Your answer should be the lines below from the one with "by rewrite malgM_def fgmulUU mulr1." to the one with "block_mx (map_mx (@fconst k m) Y) 0 0 0.", both included, given again exactly and with nothing added.
---------------
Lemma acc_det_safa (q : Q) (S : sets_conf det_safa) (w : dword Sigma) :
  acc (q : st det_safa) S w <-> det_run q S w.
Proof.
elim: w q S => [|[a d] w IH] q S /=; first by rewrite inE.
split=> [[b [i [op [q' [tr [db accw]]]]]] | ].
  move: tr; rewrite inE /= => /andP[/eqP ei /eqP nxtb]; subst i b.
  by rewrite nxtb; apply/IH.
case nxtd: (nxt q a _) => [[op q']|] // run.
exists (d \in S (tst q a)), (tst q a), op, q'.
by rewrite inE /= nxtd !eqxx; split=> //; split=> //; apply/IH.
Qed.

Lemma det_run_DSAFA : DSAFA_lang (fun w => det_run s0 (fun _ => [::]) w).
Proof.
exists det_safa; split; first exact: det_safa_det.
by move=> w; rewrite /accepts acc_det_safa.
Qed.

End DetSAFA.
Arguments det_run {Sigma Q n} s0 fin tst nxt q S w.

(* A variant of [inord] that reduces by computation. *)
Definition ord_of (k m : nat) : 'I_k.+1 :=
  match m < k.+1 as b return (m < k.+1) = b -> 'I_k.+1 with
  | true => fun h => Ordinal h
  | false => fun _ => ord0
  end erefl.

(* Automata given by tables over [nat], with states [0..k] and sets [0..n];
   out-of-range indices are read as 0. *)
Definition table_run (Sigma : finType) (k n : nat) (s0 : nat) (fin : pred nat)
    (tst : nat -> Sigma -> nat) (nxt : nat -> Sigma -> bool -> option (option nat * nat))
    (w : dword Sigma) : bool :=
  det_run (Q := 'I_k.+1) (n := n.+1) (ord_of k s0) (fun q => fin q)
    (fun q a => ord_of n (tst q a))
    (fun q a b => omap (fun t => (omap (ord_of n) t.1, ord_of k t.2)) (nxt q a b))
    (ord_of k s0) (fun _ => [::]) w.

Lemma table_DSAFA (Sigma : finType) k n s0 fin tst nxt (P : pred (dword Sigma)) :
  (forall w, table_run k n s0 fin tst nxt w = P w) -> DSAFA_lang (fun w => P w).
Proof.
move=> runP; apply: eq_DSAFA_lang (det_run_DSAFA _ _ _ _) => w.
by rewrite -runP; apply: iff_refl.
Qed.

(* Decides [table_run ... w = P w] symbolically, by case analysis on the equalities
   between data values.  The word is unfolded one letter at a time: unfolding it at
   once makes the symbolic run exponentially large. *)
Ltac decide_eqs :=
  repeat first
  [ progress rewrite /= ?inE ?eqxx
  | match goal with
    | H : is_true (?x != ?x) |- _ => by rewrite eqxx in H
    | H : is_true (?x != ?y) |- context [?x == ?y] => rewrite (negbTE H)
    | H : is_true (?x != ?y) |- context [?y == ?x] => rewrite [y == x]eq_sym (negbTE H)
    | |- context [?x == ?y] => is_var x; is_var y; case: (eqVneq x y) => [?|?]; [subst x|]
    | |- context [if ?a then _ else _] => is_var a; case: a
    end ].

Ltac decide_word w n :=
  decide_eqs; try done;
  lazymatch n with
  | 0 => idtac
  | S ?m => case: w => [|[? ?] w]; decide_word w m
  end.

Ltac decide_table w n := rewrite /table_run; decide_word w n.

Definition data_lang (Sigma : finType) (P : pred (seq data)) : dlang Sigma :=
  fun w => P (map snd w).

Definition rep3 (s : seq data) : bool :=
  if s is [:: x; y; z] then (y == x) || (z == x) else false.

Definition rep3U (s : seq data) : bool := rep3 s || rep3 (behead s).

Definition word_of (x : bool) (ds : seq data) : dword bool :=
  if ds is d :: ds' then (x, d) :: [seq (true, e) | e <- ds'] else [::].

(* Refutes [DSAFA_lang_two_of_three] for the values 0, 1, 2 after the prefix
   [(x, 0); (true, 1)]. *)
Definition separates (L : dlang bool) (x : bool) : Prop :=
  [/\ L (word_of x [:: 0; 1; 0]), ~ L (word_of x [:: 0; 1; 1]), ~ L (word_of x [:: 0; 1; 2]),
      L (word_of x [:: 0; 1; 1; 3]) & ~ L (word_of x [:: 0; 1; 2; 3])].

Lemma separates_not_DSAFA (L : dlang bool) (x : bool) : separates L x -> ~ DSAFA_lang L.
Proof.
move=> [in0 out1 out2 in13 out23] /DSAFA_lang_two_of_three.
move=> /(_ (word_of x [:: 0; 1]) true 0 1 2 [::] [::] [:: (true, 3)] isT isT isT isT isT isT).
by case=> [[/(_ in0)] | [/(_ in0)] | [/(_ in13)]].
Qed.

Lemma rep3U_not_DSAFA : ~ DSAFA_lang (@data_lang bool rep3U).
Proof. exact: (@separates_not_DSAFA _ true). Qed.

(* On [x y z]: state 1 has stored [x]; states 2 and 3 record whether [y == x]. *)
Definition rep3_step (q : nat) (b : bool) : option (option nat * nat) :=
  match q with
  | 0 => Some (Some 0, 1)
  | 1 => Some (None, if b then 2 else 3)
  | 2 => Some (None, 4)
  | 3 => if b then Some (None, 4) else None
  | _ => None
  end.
---------------
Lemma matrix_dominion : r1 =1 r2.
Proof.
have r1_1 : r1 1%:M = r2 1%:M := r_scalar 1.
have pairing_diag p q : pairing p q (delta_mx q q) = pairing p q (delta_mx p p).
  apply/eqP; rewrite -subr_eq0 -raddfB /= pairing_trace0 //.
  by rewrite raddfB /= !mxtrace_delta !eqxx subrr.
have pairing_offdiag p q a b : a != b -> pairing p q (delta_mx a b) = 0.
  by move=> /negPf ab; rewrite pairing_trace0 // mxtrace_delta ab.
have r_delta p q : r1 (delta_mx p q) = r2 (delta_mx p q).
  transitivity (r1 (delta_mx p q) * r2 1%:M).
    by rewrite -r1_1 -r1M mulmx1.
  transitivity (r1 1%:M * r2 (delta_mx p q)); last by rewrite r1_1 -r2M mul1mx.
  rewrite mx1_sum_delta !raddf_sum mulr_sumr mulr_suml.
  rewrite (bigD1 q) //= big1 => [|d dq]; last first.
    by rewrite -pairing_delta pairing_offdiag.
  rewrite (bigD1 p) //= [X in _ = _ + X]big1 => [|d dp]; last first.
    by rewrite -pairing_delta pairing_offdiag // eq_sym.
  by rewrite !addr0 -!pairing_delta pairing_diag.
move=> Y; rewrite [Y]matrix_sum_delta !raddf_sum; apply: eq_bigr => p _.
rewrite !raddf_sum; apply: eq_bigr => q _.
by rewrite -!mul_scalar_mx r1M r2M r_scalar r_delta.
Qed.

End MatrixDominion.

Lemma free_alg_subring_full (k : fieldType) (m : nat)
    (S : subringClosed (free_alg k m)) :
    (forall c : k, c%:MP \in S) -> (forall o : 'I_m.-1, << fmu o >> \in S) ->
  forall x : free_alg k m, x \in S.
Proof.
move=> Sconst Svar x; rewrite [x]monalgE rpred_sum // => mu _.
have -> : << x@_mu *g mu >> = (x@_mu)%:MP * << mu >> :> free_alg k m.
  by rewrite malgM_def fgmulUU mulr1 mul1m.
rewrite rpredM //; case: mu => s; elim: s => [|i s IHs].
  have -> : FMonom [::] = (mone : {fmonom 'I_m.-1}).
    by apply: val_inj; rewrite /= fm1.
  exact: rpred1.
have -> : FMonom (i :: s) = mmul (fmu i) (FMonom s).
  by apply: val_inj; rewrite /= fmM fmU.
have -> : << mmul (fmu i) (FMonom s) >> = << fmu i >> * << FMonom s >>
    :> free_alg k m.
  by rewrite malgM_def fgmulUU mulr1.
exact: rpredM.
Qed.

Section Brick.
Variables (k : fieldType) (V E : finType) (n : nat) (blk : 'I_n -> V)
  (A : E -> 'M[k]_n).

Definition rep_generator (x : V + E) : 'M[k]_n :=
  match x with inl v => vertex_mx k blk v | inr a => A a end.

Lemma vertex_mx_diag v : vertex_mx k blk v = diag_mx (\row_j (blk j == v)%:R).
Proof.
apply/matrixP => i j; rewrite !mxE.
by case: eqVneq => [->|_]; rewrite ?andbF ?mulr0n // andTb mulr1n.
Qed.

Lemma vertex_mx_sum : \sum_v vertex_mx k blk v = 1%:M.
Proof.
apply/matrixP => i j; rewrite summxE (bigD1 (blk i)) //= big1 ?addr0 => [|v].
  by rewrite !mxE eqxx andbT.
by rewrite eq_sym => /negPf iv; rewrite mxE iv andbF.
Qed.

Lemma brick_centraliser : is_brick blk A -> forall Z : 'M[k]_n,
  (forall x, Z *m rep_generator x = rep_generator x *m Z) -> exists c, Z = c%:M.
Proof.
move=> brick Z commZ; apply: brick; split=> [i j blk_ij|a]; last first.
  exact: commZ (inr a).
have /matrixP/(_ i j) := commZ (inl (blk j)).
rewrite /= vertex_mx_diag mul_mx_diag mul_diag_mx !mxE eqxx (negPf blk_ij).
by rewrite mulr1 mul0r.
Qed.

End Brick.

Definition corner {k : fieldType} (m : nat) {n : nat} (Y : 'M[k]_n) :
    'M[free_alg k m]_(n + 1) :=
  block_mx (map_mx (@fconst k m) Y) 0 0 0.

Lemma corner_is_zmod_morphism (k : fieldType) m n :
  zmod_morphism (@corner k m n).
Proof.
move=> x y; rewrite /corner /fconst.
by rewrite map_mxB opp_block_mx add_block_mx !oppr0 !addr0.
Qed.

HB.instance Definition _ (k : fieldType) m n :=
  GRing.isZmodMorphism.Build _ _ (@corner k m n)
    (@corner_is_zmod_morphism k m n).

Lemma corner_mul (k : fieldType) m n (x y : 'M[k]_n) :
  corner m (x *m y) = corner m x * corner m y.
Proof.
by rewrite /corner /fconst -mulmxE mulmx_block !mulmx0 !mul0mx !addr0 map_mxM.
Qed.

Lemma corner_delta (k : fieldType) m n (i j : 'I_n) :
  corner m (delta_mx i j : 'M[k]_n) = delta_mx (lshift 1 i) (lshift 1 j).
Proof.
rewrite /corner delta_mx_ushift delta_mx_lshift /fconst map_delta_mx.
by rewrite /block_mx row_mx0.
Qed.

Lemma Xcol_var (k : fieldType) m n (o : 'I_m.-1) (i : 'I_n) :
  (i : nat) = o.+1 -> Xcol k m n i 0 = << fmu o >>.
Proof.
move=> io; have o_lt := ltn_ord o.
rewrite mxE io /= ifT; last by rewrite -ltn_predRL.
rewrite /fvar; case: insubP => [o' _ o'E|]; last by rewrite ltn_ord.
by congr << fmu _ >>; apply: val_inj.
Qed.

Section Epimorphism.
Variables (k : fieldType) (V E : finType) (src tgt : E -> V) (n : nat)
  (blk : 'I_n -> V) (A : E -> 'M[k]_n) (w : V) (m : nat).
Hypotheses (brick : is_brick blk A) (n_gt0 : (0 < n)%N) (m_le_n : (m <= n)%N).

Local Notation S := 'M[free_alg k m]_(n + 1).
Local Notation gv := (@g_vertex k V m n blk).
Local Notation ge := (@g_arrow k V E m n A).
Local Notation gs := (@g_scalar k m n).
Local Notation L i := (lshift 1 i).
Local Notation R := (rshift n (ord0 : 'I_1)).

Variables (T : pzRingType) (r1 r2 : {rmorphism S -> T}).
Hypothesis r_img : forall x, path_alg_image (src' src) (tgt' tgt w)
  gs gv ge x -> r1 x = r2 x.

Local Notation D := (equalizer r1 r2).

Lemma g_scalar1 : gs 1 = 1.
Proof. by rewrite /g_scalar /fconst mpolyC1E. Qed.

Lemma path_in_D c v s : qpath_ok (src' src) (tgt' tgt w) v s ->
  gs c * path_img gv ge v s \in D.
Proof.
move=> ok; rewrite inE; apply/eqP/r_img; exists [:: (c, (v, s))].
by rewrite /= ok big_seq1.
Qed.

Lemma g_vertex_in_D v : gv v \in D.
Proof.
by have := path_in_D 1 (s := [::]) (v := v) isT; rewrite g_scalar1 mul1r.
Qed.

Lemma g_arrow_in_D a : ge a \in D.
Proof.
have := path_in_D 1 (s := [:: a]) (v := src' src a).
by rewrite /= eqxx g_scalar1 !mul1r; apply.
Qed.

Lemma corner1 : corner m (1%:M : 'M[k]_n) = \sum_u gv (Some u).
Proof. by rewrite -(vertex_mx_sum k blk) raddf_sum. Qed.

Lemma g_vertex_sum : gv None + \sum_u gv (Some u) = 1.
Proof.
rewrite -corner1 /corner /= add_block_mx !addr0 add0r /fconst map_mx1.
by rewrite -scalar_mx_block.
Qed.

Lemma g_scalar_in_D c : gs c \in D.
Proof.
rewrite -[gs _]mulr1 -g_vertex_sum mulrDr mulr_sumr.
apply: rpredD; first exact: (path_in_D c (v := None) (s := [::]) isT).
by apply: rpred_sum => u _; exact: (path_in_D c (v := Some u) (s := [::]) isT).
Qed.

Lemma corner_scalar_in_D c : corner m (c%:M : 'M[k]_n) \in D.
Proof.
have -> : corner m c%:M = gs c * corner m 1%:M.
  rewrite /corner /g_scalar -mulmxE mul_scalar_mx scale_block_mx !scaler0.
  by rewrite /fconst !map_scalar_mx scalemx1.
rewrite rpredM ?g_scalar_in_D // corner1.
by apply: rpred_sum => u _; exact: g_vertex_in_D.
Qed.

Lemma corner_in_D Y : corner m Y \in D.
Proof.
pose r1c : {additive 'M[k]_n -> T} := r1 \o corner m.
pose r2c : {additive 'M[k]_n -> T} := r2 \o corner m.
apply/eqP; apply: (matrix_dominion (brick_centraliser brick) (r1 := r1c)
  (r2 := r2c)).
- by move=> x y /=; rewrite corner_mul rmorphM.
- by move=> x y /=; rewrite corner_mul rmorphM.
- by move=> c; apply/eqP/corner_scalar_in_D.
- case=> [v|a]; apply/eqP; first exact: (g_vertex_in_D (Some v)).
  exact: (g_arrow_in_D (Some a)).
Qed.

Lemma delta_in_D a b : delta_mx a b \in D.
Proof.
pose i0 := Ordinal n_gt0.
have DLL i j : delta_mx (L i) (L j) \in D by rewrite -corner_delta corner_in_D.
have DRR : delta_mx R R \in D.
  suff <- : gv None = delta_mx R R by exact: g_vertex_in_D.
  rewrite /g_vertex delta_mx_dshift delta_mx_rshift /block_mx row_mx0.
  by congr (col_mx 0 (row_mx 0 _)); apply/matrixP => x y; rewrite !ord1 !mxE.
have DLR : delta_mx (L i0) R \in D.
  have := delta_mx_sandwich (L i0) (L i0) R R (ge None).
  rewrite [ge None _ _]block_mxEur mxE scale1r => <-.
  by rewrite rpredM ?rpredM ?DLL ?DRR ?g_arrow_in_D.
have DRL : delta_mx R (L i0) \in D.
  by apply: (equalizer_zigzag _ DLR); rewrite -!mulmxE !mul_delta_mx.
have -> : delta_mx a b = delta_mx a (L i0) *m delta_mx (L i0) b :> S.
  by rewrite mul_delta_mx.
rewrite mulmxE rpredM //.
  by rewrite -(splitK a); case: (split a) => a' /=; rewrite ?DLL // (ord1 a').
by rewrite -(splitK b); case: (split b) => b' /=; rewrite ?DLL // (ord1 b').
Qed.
---------------
◆ Answer for this exercise:
  by rewrite malgM_def fgmulUU mulr1.
exact: rpredM.
Qed.

Section Brick.
Variables (k : fieldType) (V E : finType) (n : nat) (blk : 'I_n -> V)
  (A : E -> 'M[k]_n).

Definition rep_generator (x : V + E) : 'M[k]_n :=
  match x with inl v => vertex_mx k blk v | inr a => A a end.

Lemma vertex_mx_diag v : vertex_mx k blk v = diag_mx (\row_j (blk j == v)%:R).
Proof.
apply/matrixP => i j; rewrite !mxE.
by case: eqVneq => [->|_]; rewrite ?andbF ?mulr0n // andTb mulr1n.
Qed.

Lemma vertex_mx_sum : \sum_v vertex_mx k blk v = 1%:M.
Proof.
apply/matrixP => i j; rewrite summxE (bigD1 (blk i)) //= big1 ?addr0 => [|v].
  by rewrite !mxE eqxx andbT.
by rewrite eq_sym => /negPf iv; rewrite mxE iv andbF.
Qed.

Lemma brick_centraliser : is_brick blk A -> forall Z : 'M[k]_n,
  (forall x, Z *m rep_generator x = rep_generator x *m Z) -> exists c, Z = c%:M.
Proof.
move=> brick Z commZ; apply: brick; split=> [i j blk_ij|a]; last first.
  exact: commZ (inr a).
have /matrixP/(_ i j) := commZ (inl (blk j)).
rewrite /= vertex_mx_diag mul_mx_diag mul_diag_mx !mxE eqxx (negPf blk_ij).
by rewrite mulr1 mul0r.
Qed.

End Brick.

Definition corner {k : fieldType} (m : nat) {n : nat} (Y : 'M[k]_n) :
    'M[free_alg k m]_(n + 1) :=
  block_mx (map_mx (@fconst k m) Y) 0 0 0.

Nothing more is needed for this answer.